Wednesday, October 17, 2018

The United Nations reported that 2.6 million Venezuelans are now living abroad

Venezuelan migrants living in Medellin, Colombia sleep as they wait to attend a job fair on 27 September. The United Nations reported that 2.6 million Venezuelans are now living abroad.


We gave been fed a lot of bunkum here whose intent it to rationalize the landing of USA troops.  Other reports are saying nothing of the kind and even here we quote 1000,000 making it into Columbia.  Any other direction is impossible.  The real numbers are likely much lower and may actually be around a couple hundred thousand.

We have an apparent effort to remove Maduro who may or may not have been fairly elected. 

What we now lack is real facts on the ground..  The whole situation can surely be settled since sanctions are actually blocking money transfers.

Venezuela: nearly 2m people have fled country since 2015, UN says UN refugee agency chief called for a ‘non-political and humanitarian’ response to the exodus

Agence France-Presse in Geneva

Mon 1 Oct 2018 18.10 BST Last modified on Mon 1 Oct 2018 18.32 BST 

Nearly two million people have fled Venezuela’s economic and political crisis since 2015, according to the UN which called for a “non-political” response to an exodus that is straining regional resources.

“Some 5,000 people are now leaving Venezuela daily – the largest population movement in Latin America’s recent history,” UN refugee agency (UNHCR) chief Filippo Grandi told the organisation’s executive committee on Monday.

“A non-political and humanitarian approach is essential to help states receiving them in growing numbers,” he added.

UNHCR spokesman William Spindler told AFP that 1.9 million people had left the country since 2015, an increase on a previous count of 1.6 milion.

According to the UNHCR, 2.6 million Venezuelans are now living abroad.

Colombia, which has taken in more than a million Venezuelans, called last week for a regional response, saying the migrant crisis was costing it about 0.5% of GDP – around $1.5m.

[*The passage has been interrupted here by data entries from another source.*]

(* Let $k\geq 2$ and let $G\subseteq V_{n-3}$ be a $(2k-2)$-set with property $P_{n-3}$. Then $F=G\cup\{n-2,n-1,n\}$ is a facet of $B^{2k,k-1}_n$.
   Context: $V_n=\{\pm1,\dots,\pm n\}$; $-X$ denotes the image of $X$ under $v\mapsto -v$. For pure complexes $\Gamma\subseteq\Delta$ of the same dimension, $\Delta\setminus\Gamma$ is the subcomplex generated by the facets of $\Delta$ not facets of $\Gamma$. $\overline{W}$ is the simplex on $W$, $*$ is the join, $\Delta*v=\Delta*\overline{\{v\}}$. The complexes $\Delta^d_n$ and $B^{d,i}_n$ are defined recursively: $\Delta^1_n$ is the cycle $(1,2,\dots,n,-1,\dots,-n,1)$; $\Delta^d_{d+1}$ is the boundary complex of the $(d+1)$-cross-polytope on $V_{d+1}$; $B^{d,j}_n=\emptyset$ for $j<0$; $B^{1,0}_n=\overline{\{-1,n\}}$; for $d=2k$, $n\geq 2k$: $B^{2k-1,k}_n=\Delta^{2k-1}_n\setminus B^{2k-1,k-1}_n$; for $n\geq d+1$, $i\leq\lfloor d/2\rfloor$: $B^{d,i}_n=(B^{d-1,i}_{n-1}*n)\cup((-B^{d-1,i-1}_{n-1})*(-n))$; $\Delta^d_{n+1}$ is obtained from $\Delta^d_n$ by replacing $B^{d,\lceil d/2\rceil-1}_n$ with $\partial B^{d,\lceil d/2\rceil-1}_n*(n+1)$ and $-B^{d,\lceil d/2\rceil-1}_n$ with $\partial(-B^{d,\lceil d/2\rceil-1}_n)*(-n-1)$. A $2j$-set $G=\{p_1,\dots,p_{2j}\}\subseteq V_N$ has property $P_N$ if $1\leq|p_1|<\dots<|p_{2j}|\leq N$, $p_{2i-1},p_{2i}$ have the same sign for all $i$, $|p_2|-|p_1|=1$, and $|p_{2i}|-|p_{2i-1}|=2$ for $2\leq i\leq j$. *)

From HB Require Import structures.
From mathcomp Require Import all_boot all_order all_algebra.
From mathcomp Require Import finmap.
Set Implicit Arguments. Unset Strict Implicit. Unset Printing Implicit Defensive.
Import GRing.Theory Num.Theory.
Local Open Scope fset_scope.
Local Open Scope ring_scope.
Local Open Scope fset_scope.

(* A pure simplicial complex on vertices in Z\{0} is represented by its set of
   facets; a face/facet is a finite set of integers (vertex v <-> v, -v <-> -v). *)
Notation cplx := {fset {fset int}}.

Definition V (n : nat) : {fset int} :=
  [fset (i.+1)%:Z | i in iota 0 n] `|` [fset (- (i.+1)%:Z)%R | i in iota 0 n].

Grandi applauded Latin American countries for keeping their borders open, but said the regional response needed more “coherence”. But the countries concerned also needed more support, he conceded.

Oil income-dependent Venezuela’s economic woes began in 2014 with the crash in the price of crude.
Venezuelan president Nicolás Maduro’s government has since been slapped with a range of sanctions over its crackdown on the opposition and civil society critics.